On high performance async IO, this works quite well in Linux, and there are no
blocking threads that I am aware of in that stack. The kernel uses bio
dispatches to perform the actual block io. If you are complaining about using
bio to perform the actual IO, and that linux includes this in its load
calculation, sure, that is a conscious decision as I understand it on the part
of the block layer folks. Is it wrong or bad? I don't think so, though others
have different opinions.

FWIW ... I work at a place now using SmartOS as its primary OS. There are many
people I know preferring _BSD. Many people preferring linux. I have a
different view, one that is not as popular as I hope it would be.
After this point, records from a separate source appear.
(* Let $a>0$, $\beta>0$, let $\lambda$ be feasible, let $0<\xi<a$, let $\rho\in\mathcal{P}$, and suppose $d_0\ge\tau(\beta)a$. Then $\lim_{\delta\to0^+}T_4=0$, where \[ T_4=9C_5\,\delta^{-1/2}(2\delta+\lambda\delta^{\beta})^{-3/2}(\lambda^2\delta^{2\beta}+4)\int_{k_0(\delta)}^{\infty}\mathrm{e}^{-2k(d_0-\frac32a)}\mathrm{e}^{-4ka}\left(\frac{\mathrm{e}^{2k\xi}-1}{k}\right)\mathrm{d}k,\qquad C_5=\frac{(d_1-d_0)\|\rho\|^2_{L^2(\mathcal{M})}}{9\pi}. \]
   Context: For $0<\delta<1$ and constants $\beta>0$, $\lambda\in\mathbb{R}$, put $\mu=\delta+\lambda\delta^{\beta}$. The constant $\lambda$ is feasible if $\lambda>0$ when $0<\beta<1$, $\lambda\ge-1$ when $\beta=1$, $\lambda\ne0$ when $\beta>1$; $\delta_\mu\in(0,1)$ is a number with $\mu\ge0$ for $0<\delta\le\delta_\mu$. $k_0(\delta)=\frac{1}{2a}\ln\left(\frac{1}{2\delta^2+\lambda\delta^{\beta+1}}\right)$, and $\delta$ ranges over $0<\delta\le\delta_0$, where $0<\delta_0\le\delta_\mu$ is such that $k_0(\delta)>0$ for $0<\delta\le\delta_0$. $\tau(\beta)=\frac{\beta+2}{\beta+1}$ for $0<\beta<1$ and $\tau(\beta)=\frac32$ for $\beta\ge1$. Let $\mathcal{M}=\{(x,y):x>a\}$; $\mathcal{P}$ is the set of real-valued $\rho\in L^2(\mathcal{M})\cap L^\infty(\mathcal{M})$ with compact support in $\mathcal{M}$, $0<|\operatorname{supp}\rho|<\infty$, and $\int\!\!\int\rho=0$; $d_0=\min\{x:(x,y)\in\operatorname{supp}\rho\}$, $d_1=\max\{x:(x,y)\in\operatorname{supp}\rho\}$. *)

From HB Require Import structures.
From mathcomp Require Import all_boot all_order all_algebra.
From mathcomp Require Import all_classical all_reals all_analysis.
Set Implicit Arguments. Unset Strict Implicit. Unset Printing Implicit Defensive.
Import Order.TTheory GRing.Theory Num.Theory.
Import numFieldNormedType.Exports.
Local Open Scope classical_set_scope.
Local Open Scope ring_scope.

Section defs.
Variable R : realType.

Definition leb2 := (@lebesgue_measure R \x @lebesgue_measure R)%E.

Definition feasible (beta lambda : R) : Prop :=
  (0 < beta < 1 -> 0 < lambda) /\
  (beta = 1 -> -1 <= lambda) /\
  (1 < beta -> lambda <> 0).

Definition tau (beta : R) : R :=
  if beta < 1 then (beta + 2) / (beta + 1) else 3 / 2.

Definition halfM (a : R) : set (R * R) := [set p | a < p.1].

Definition supp (rho : R * R -> R) : set (R * R) :=
  closure [set p | rho p != 0].

Definition classP (a : R) (rho : R * R -> R) : Prop :=
  [/\ measurable_fun (halfM a) rho,
      (\int[leb2]_(p in halfM a) ((rho p) ^+ 2)%:E < +oo)%E,
      (exists M : R, leb2 [set p | halfM a p /\ M < `|rho p|] = 0%E),
      (compact (supp rho) /\ supp rho `<=` halfM a) &
      [/\ (0 < leb2 (supp rho))%E, (leb2 (supp rho) < +oo)%E &
       (\int[leb2]_(p in halfM a) (rho p)%:E = 0)%E]].

Definition is_d0 (rho : R * R -> R) (d0 : R) : Prop :=
  (exists y, supp rho (d0, y)) /\ forall p, supp rho p -> d0 <= p.1.
Definition is_d1 (rho : R * R -> R) (d1 : R) : Prop :=
  (exists y, supp rho (d1, y)) /\ forall p, supp rho p -> p.1 <= d1.

Definition L2sq (a : R) (rho : R * R -> R) : R :=
  fine (\int[leb2]_(p in halfM a) ((rho p) ^+ 2)%:E)%E.

Definition C5 (a d0 d1 : R) (rho : R * R -> R) : R :=
  (d1 - d0) * L2sq a rho / (9 * pi).

Definition k0 (a beta lambda delta : R) : R :=
  (2 * a)^-1 * ln ((2 * delta ^+ 2 + lambda * delta `^ (beta + 1))^-1).

Definition T4 (a beta lambda xi d0 d1 : R) (rho : R * R -> R) (delta : R) : \bar R :=
  ((9 * C5 a d0 d1 rho * delta `^ (- (1/2)) *
     (2 * delta + lambda * delta `^ beta) `^ (- (3/2)) *
     (lambda ^+ 2 * delta `^ (2 * beta) + 4))%:E *
   \int[@lebesgue_measure R]_(k in `[k0 a beta lambda delta, +oo[)
      (expR (- (2 * k * (d0 - 3/2 * a))) * expR (- (4 * k * a)) *
       ((expR (2 * k * xi) - 1) / k))%:E)%E.
End defs.

From HB Require Import structures.
From mathcomp Require Import all_boot all_order all_algebra.
From mathcomp Require Import all_classical all_reals all_analysis.
From mathcomp Require Import measurable_realfun ring lra.
Import Order.TTheory GRing.Theory Num.Theory.
Import numFieldNormedType.Exports.
Local Open Scope classical_set_scope.
Local Open Scope ring_scope.

(* Bound the integrand by [2 xi e^{-(2 d0 - xi) k} e^{-(a - xi) k}]: on [[k0, oo[] the first
   exponential is at most its value at [k0], and the second integrates to at most
   [1/(a - xi)].  Since [k0] is [-ln (d u)/(2a)] with [u = 2d + lambda d^beta], this gives
   [T4 <= C d^{-1/2} u^{-3/2} (d u)^s] with [s = (2 d0 - xi)/(2a)].  Feasibility of lambda
   makes [u] of exact order [d^g] for some [g > 0] ([g = beta] if [beta < 1], [g = 1] otherwise),
   so [T4 = O(d^{s - 1/2 + (s - 3/2) g})], and [d0 >= tau(beta) a] is what makes this
   exponent positive. *)

Section T4_estimates.
Context {R : realType}.

Lemma powRE_gt0 (x y : R) : 0 < x -> x `^ y = expR (y * ln x).
Proof. by move=> x0; rewrite /powR gt_eqF. Qed.

Lemma expR_sub1_le (x : R) : expR x - 1 <= x * expR x.
Proof.
have e0 := expR_gt0 x.
have : (1 - x) * expR x <= (expR x)^-1 * expR x.
  by rewrite ler_pM2r // -expRN; exact: expR_ge1Dx.
rewrite mulVf ?gt_eqF // mulrBl mul1r; lra.
Qed.

Definition tail_integrand (a xi d0 k : R) : R :=
  expR (- (2 * k * (d0 - 3/2 * a))) * expR (- (4 * k * a)) *
  ((expR (2 * k * xi) - 1) / k).

Lemma tail_integrand_ge0 (a xi d0 k : R) :
  0 <= xi -> 0 <= k -> 0 <= tail_integrand a xi d0 k.
Proof.
move=> xi0 k0; rewrite /tail_integrand !mulr_ge0 ?expR_ge0 ?invr_ge0 //.
by rewrite subr_ge0 -expR0 ler_expR !mulr_ge0.
Qed.

(* [(e^{2k xi} - 1)/k <= 2 xi e^{2k xi}] and [2(d0 - 3a/2) + 4a - 2 xi = (2 d0 - xi) + (a - xi)]. *)
Lemma tail_integrand_le (a xi d0 k : R) : 0 < k ->
  tail_integrand a xi d0 k <=
  2 * xi * expR (- (2 * d0 - xi) * k) * expR (- (a - xi) * k).
Proof.
move=> k0; have quotient_le : (expR (2 * k * xi) - 1) / k <= 2 * xi * expR (2 * k * xi).
  rewrite ler_pdivrMr //.
  have -> : 2 * xi * expR (2 * k * xi) * k = 2 * k * xi * expR (2 * k * xi) by ring.
  exact: expR_sub1_le.
apply: le_trans (ler_wpM2l _ quotient_le) _; first by rewrite mulr_ge0 ?expR_ge0.
rewrite le_eqVlt; apply/orP; left; apply/eqP.
rewrite mulrCA -!expRD -(mulrA _ (expR _)) -expRD.
by congr (_ * expR _); field.
Qed.

Lemma measurable_tail_integrand (a xi d0 : R) :
  measurable_fun (`]0, +oo[%classic : set R) (tail_integrand a xi d0).
Proof.
apply: measurable_funM; [apply: measurable_funM|apply: measurable_funM].
1,2: by apply: measurableT_comp => //; apply: measurableT_comp => //; exact: measurable_funM.
- apply: measurable_funB => //; apply: measurableT_comp => //; exact: measurable_funM.
- apply: open_continuous_measurable_fun; first exact: interval_open.
  move=> x; rewrite inE /= in_itv /= andbT => x0.
  by apply: inv_continuous; rewrite gt_eqF.
Qed.

Lemma tail_integral_ge0 (a xi d0 k0 : R) : 0 <= xi -> 0 <= k0 ->
  (0 <= \int[@lebesgue_measure R]_(k in `[k0, +oo[) (tail_integrand a xi d0 k)%:E)%E.
Proof.
move=> xi0 k00; apply: integral_ge0 => k; rewrite /= in_itv /= andbT => k0k.
by rewrite lee_fin tail_integrand_ge0 // (le_trans k00).
Qed.

(* Dominate by a multiple of the density of the exponential law of rate [a - xi]. *)
Lemma tail_integral_le (a xi d0 k0 : R) : 0 < xi < a -> xi <= 2 * d0 -> 0 < k0 ->
  (\int[@lebesgue_measure R]_(k in `[k0, +oo[) (tail_integrand a xi d0 k)%:E <=
   (2 * xi / (a - xi) * expR (- (2 * d0 - xi) * k0))%:E)%E.
Proof.
move=> /andP[xi0 xia] xid0 k00.
have axi : 0 < a - xi by rewrite subr_gt0.
have k0_pos k : k \in `[k0, +oo[ -> 0 < k.
  by rewrite in_itv /= andbT; apply: lt_le_trans.
set K := 2 * xi / (a - xi) * expR (- (2 * d0 - xi) * k0).
have K0 : 0 <= K by rewrite !mulr_ge0 ?expR_ge0 ?invr_ge0 ?ltW.
have mK : measurable_fun setT (fun k => (K * exponential_pdf (a - xi) k)%:E).
  by apply/measurable_EFinP; apply: measurable_funM => //; exact: measurable_exponential_pdf.
apply: (@le_trans _ _ (\int[@lebesgue_measure R]_k (K * exponential_pdf (a - xi) k)%:E)%E).
  have pdf_ge0 k : (0 <= (K * exponential_pdf (a - xi) k)%:E)%E.
    by rewrite lee_fin mulr_ge0 // exponential_pdf_ge0 // ltW.
  have := ge0_subset_integral (@lebesgue_measure R) (measurable_itv `[k0, +oo[)
    measurableT mK (fun k _ => pdf_ge0 k) (@subsetT _ _).
  apply: le_trans.
  apply: ge0_le_integral => //.
  - by move=> k /k0_pos k0k; rewrite lee_fin tail_integrand_ge0 ?ltW.
  - apply/measurable_EFinP; apply: measurable_funS (measurable_tail_integrand _ _ _) => //.
    by move=> k /= /k0_pos k0k; rewrite in_itv /= k0k.
  - exact: measurable_funS mK.
  move=> k kk0; have k0k := k0_pos _ kk0; move: kk0; rewrite /= in_itv /= andbT => kk0.
  rewrite lee_fin exponential_pdfE ?(ltW k0k) //.
  apply: le_trans (@tail_integrand_le a xi d0 k k0k) _.
  have -> : K * ((a - xi) * expR (- (a - xi) * k)) =
      2 * xi * expR (- (2 * d0 - xi) * k0) * expR (- (a - xi) * k).
    by rewrite /K; field; rewrite gt_eqF.
  rewrite ler_wpM2r ?expR_ge0 // ler_wpM2l ?mulr_ge0 ?(ltW xi0) // ler_expR.
  by rewrite !mulNr lerN2 ler_wpM2l // subr_ge0.
under eq_integral do rewrite EFinM.
rewrite ge0_integralZl_EFin //.
- by rewrite integral_exponential_pdf // mule1.
- by move=> k _; rewrite lee_fin exponential_pdf_ge0 // ltW.
- by apply/measurable_EFinP; exact: measurable_exponential_pdf.
Qed.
Specifically, I look at operating systems now, largely, as an implementation
detail for your stack. You have a mission in many cases, unless you are an OS
developer, that consumes the OS services layers to help you perform your
mission. In many cases, specifics of the OS don't matter, as long as they
don't get in your way. Sometimes the specifics of the OS help you.
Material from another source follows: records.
(* Let $L$ be a finite distributive lattice, let $m$ be the maximum size of an antichain in $\operatorname{Mi}(L)$, and put $Q_L(x)=\sum_{k=0}^m q_k(L)x^k$ and $D_L^-(x)=\sum_{k=0}^m d_k^-(L)x^k$. Then $Q_L(x)=D_L^-(1+x)$.
   Context: $\operatorname{Mi}(L)$ is the set of meet-irreducible elements of $L$, as a poset under the order of $L$. For a finite lattice $M$ and $k\ge0$, $q_k(M)$ is the number of convex sublattices (intervals) of $M$ isomorphic to the Boolean lattice $\mathbf{B}_k$ with $2^k$ elements. For $a\in M$, $\deg^-_M(a)$ is the number of elements of $M$ covering $a$, and $d_k^-(M)$ is the number of $a\in M$ with $\deg^-_M(a)=k$. *)

From mathcomp Require Import all_boot all_order all_algebra.
Set Implicit Arguments. Unset Strict Implicit. Unset Printing Implicit Defensive.
Import Order.TTheory GRing.Theory.

Section Defs.
Local Open Scope order_scope.
Context {disp : Order.disp_t} {L : finDistrLatticeType disp}.

Definition covers (a b : L) : bool :=
  (a < b) && [forall c : L, ~~ ((a < c) && (c < b))].

(* meet-irreducible: a is not the top element (the empty meet), and
   a = x meet y implies a = x or a = y *)
Definition meet_irr (a : L) : bool :=
  [exists b : L, a < b] &&
  [forall x : L, forall y : L, (a == x `&` y) ==> ((a == x) || (a == y))].

Definition Mi : {set L} := [set a | meet_irr a].

Definition antichain (S : {set L}) : bool :=
  [forall x in S, forall y in S, (x != y) ==> ~~ (x <= y)].

Definition mwidth : nat :=
  \max_(S : {set L} | (S \subset Mi) && antichain S) #|S|.

(* the interval [a,b] is isomorphic (as a poset, hence as a lattice)
   to the Boolean lattice B_k = subsets of a k-element set *)
Definition interval_boolean (k : nat) (a b : L) : bool :=
  [exists f : {ffun {set 'I_k} -> L},
     [forall A : {set 'I_k}, forall B : {set 'I_k},
        (f A <= f B) == (A \subset B)] &&
     [forall x : L, ((a <= x) && (x <= b)) == [exists A, f A == x]]].

Definition qk (k : nat) : nat :=
  #|[set p : L * L | (p.1 <= p.2) && interval_boolean k p.1 p.2]|.

Definition degm (a : L) : nat := #|[set b : L | covers a b]|.

Definition dk (k : nat) : nat := #|[set a : L | degm a == k]|.

Local Open Scope ring_scope.

Definition QL : {poly int} := \sum_(k < mwidth.+1) (qk k)%:R *: 'X^k.
Definition DL : {poly int} := \sum_(k < mwidth.+1) (dk k)%:R *: 'X^k.
End Defs.

From mathcomp Require Import all_boot all_order all_algebra.
Set Implicit Arguments. Unset Strict Implicit. Unset Printing Implicit Defensive.
Import Order.TTheory GRing.Theory.

(* In a distributive lattice, the intervals [a, b] isomorphic to B_k are
   exactly those whose top b is the join of k upper covers of a: for a set S
   of covers of a, the map A |-> a \/ (\/ A) is an isomorphism from the
   subsets of S onto [a, a \/ (\/ S)].  Hence q_k(L) = sum_a C(deg^-(a), k),
   and summing over k gives Q_L(x) = sum_a (1 + x)^deg^-(a) = D_L^-(1 + x).
   Truncating both polynomials at m loses nothing: sending each cover c of a
   to the largest element above a and not above c yields deg^-(a) pairwise
   incomparable meet-irreducible elements, so deg^-(a) <= m. *)

Section DistrLattice.
Local Open Scope order_scope.
Context {disp : Order.disp_t} {L : finDistrLatticeType disp}.
Implicit Types (a b c x y : L) (s t : seq L).

Lemma coversP a c :
  reflect (a < c /\ forall z, a < z -> z < c -> False) (covers a c).
Proof.
apply: (iffP andP) => [[ac /forallP H]|[ac H]]; split => //.
  by move=> z az zc; move: (H z); rewrite az zc.
by apply/forallP => z; apply/negP => /andP[] /H; auto.
Qed.

Lemma covers_le_eq a c c' : covers a c -> covers a c' -> c <= c' -> c = c'.
Proof.
move=> /coversP[ac _] /coversP[_ H] cc'; apply/eqP/negPn/negP => ne.
by apply: (H c) => //; rewrite lt_neqAle ne.
Qed.

Lemma cover_meet_nle a c x : covers a c -> a <= x -> ~~ (c <= x) -> c `&` x = a.
Proof.
move=> /coversP[ac H] ax ncx.
have lt_cx_c : c `&` x < c.
  by rewrite lt_neqAle leIl andbT; apply: contra ncx => /eqP <-; apply: leIr.
have : a <= c `&` x by rewrite lexI ax (ltW ac).
by rewrite le_eqVlt => /orP[/eqP <-//|/H /(_ lt_cx_c)].
Qed.

Lemma covers_meet a c c' : covers a c -> covers a c' -> c != c' -> c `&` c' = a.
Proof.
move=> hc hc' ne; apply: cover_meet_nle => //; first by case/coversP: hc' => /ltW.
by apply: contra ne => /(covers_le_eq hc hc') ->.
Qed.

Definition join_from a s : L := \big[Order.join/a]_(c <- s) c.

Lemma join_from_le a s y :
  (join_from a s <= y) = (a <= y) && all (fun c => c <= y) s.
Proof.
rewrite /join_from; elim: s => [|c s IH]; first by rewrite big_nil andbT.
by rewrite big_cons leUx IH /= andbCA.
Qed.

Lemma le_join_from a s : a <= join_from a s.
Proof. by have := lexx (join_from a s); rewrite join_from_le => /andP[]. Qed.

Lemma mem_le_join_from a s c : c \in s -> c <= join_from a s.
Proof. by have := lexx (join_from a s); rewrite join_from_le => /andP[_ /allP]; apply. Qed.

Lemma eq_join_from a s t : s =i t -> join_from a s = join_from a t.
Proof.
move=> st; apply: le_anti; rewrite !join_from_le !le_join_from /=.
by apply/andP; split; apply/allP => c cs; apply: mem_le_join_from;
  [rewrite -st | rewrite st].
Qed.

Lemma meet_join_from x a s :
  x `&` join_from a s = join_from (x `&` a) [seq x `&` c | c <- s].
Proof.
by rewrite /join_from big_map; apply: (big_morph (Order.meet x)) => // y z; apply: meetUr.
Qed.

Lemma meet_join_from_id a c s :
  a <= c -> {in s, forall x, c `&` x = a} -> c `&` join_from a s = a.
Proof.
move=> ac H; rewrite meet_join_from (meet_r ac); apply: le_anti.
rewrite le_join_from andbT join_from_le lexx /=.
by apply/allP => _ /mapP[x xs ->]; rewrite H.
Qed.

Lemma cover_meet_join_from a c s :
  covers a c -> all (covers a) s -> c \notin s -> c `&` join_from a s = a.
Proof.
move=> hc /allP hs cs; apply: meet_join_from_id; first by case/coversP: hc => /ltW.
move=> x xs; apply: covers_meet hc (hs x xs) _.
by apply: contraNneq cs => ->.
Qed.

Lemma cover_le_join_from a c s :
  covers a c -> all (covers a) s -> (c <= join_from a s) = (c \in s).
Proof.
move=> hc hs; apply/idP/idP => [cJ|]; last exact: mem_le_join_from.
apply/contraT => cs; have := cover_meet_join_from hc hs cs.
by rewrite meet_l // => ca; case/coversP: hc; rewrite ca ltxx.
Qed.

Lemma meet_join_from_covers a x s : a <= x -> all (covers a) s ->
  x `&` join_from a s = join_from a [seq c <- s | c <= x].
Proof.
move=> ax /allP hs; apply: le_anti; apply/andP; split.
  rewrite meet_join_from (meet_r ax) join_from_le le_join_from /=.
  apply/allP => _ /mapP[c cs ->]; have [cx|ncx] := boolP (c <= x).
    by rewrite meet_r // mem_le_join_from // mem_filter cx.
  by rewrite meetC (cover_meet_nle (hs c cs)) // le_join_from.
rewrite lexI !join_from_le ax le_join_from /=.
by apply/andP; split; apply/allP => c; rewrite mem_filter => /andP[// cx];
  apply: mem_le_join_from.
Qed.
From my view as an HPC guy, a hardware guy, a storage/compute/ML/GPU guy, I
generally can work in Linux and _BSD without pain. Minor config difference,
but I am comfortable in both.

I am not, and have not been comfortable in AIX, HP/UX, and UnicOS. I used to
enjoy IRIX until I started playing with Linux. I used Solaris and SunOS in the
past, and SmartOS/illumos today.

As long as the OS has the tools I need, the libraries I need, or a way for me
to build them, and doesn't constrain me or force me to contort to vagaries of
the OS itself, I am fine with it.

A problem arises when people get caught up in "my OS > your OS", which, this
overall question at least brings in under the covers. This usually comes
around from various esoteric aspects of little relevance for the vast unwashed
masses of users (like me). On the OS dev side, when this happens, it is
usually defensive because something needed is missing, or some OS dev/manager
(mis)believes that users don't actually need the features they are requesting.

That is actually a major problem, and it tends to drive people from your
platform. Users aren't dumb, and there are many sophisticated people who have
a deeper appreciation for the issues, than "my OS > your OS".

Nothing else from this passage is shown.